Output the data word for word. Begin at its first line and end at the line with "- have [lam".

(Saved entries)

══════════════════════════════

Lemma nearly_convex_subdiff_neq0 : subdiff phi xbar !=set0.
Proof.
have phi_xbar := esym (dom_fineK (phi_gtNy xbar) ri_xbar.1).
set f0 := fine (phi xbar) in phi_xbar.
pose s : 'rV[R]_n * R := (xbar, f0).
have [xi xiE] : exists xi, forall p, E (p + s) -> dotv xi p.1 <= p.2.
  apply: (@exists_subgradient0 _ _ [set p | E (p + s)]) => [|p Ep p0|p Ep].
  - exact: convex_set_translate.
  - by have := E_epi Ep; rewrite /epi /= p0 add0r phi_xbar lee_fin; lra.
  - have [lam lam0 [q Eq q1]] := proj_reflect Ep; exists lam => //.
    by exists (q - s); rewrite /= ?subrK // q1 addrK addrAC subrr add0r.
exists xi; apply/(esubdiffP phi_gtNy phi_xbar) => x v phix.
have sub : E `<=` [set p | dotv xi p.1 - p.2 <= dotv xi xbar - f0].
  by move=> p Ep; have := xiE (p - s); rewrite subrK dotvBr => /(_ Ep) /=; lra.
have /(closure_sub_closed sub (@closed_dotv_fst_le _ _ xi _)) /= : closure E (x, v).
  by apply: epi_E; rewrite /epi /= phix.
by rewrite subr0 dotvBr; lra.
Qed.

End NearlyConvex.

Theorem mainTheorem2 (R : realType) (n : nat) (phi : 'rV[R]_n -> \bar R)
  (eps : R) (xbar : 'rV[R]_n) :
  proper_fun phi -> nearly_convex_fun phi -> 0 <= eps ->
  ri (dom phi) xbar ->
  [/\ esubdiff phi eps xbar !=set0,
      closed (esubdiff phi eps xbar),
      convex_set (esubdiff phi eps xbar)
    & subdiff phi xbar = \bigcap_(e in [set e : R | 0 < e]) esubdiff phi e xbar].
Proof.
move=> [_ phi_gtNy] [E [E_convex [E_epi epi_E]]] eps0 ri_xbar.
have phi_xbar := esym (dom_fineK (phi_gtNy xbar) ri_xbar.1).
split.
- have [xi sxi] := nearly_convex_subdiff_neq0 E_convex E_epi epi_E phi_gtNy ri_xbar.
  by exists xi; exact: (esubdiff_mono phi_gtNy phi_xbar eps0 sxi).
- exact: (closed_esubdiff phi_gtNy phi_xbar).
- exact: (convex_esubdiff phi_gtNy phi_xbar).
- exact: (subdiff_bigcap phi_gtNy phi_xbar).
Qed.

══════════════════════════════

YOUR SOLUTION =>
Lemma nearly_convex_subdiff_neq0 : subdiff phi xbar !=set0.
Proof.
have phi_xbar := esym (dom_fineK (phi_gtNy xbar) ri_xbar.1).
set f0 := fine (phi xbar) in phi_xbar.
pose s : 'rV[R]_n * R := (xbar, f0).
have [xi xiE] : exists xi, forall p, E (p + s) -> dotv xi p.1 <= p.2.
  apply: (@exists_subgradient0 _ _ [set p | E (p + s)]) => [|p Ep p0|p Ep].
  - exact: convex_set_translate.
  - by have := E_epi Ep; rewrite /epi /= p0 add0r phi_xbar lee_fin; lra.
  - have [lam lam0 [q Eq q1]] := proj_reflect Ep; exists lam => //.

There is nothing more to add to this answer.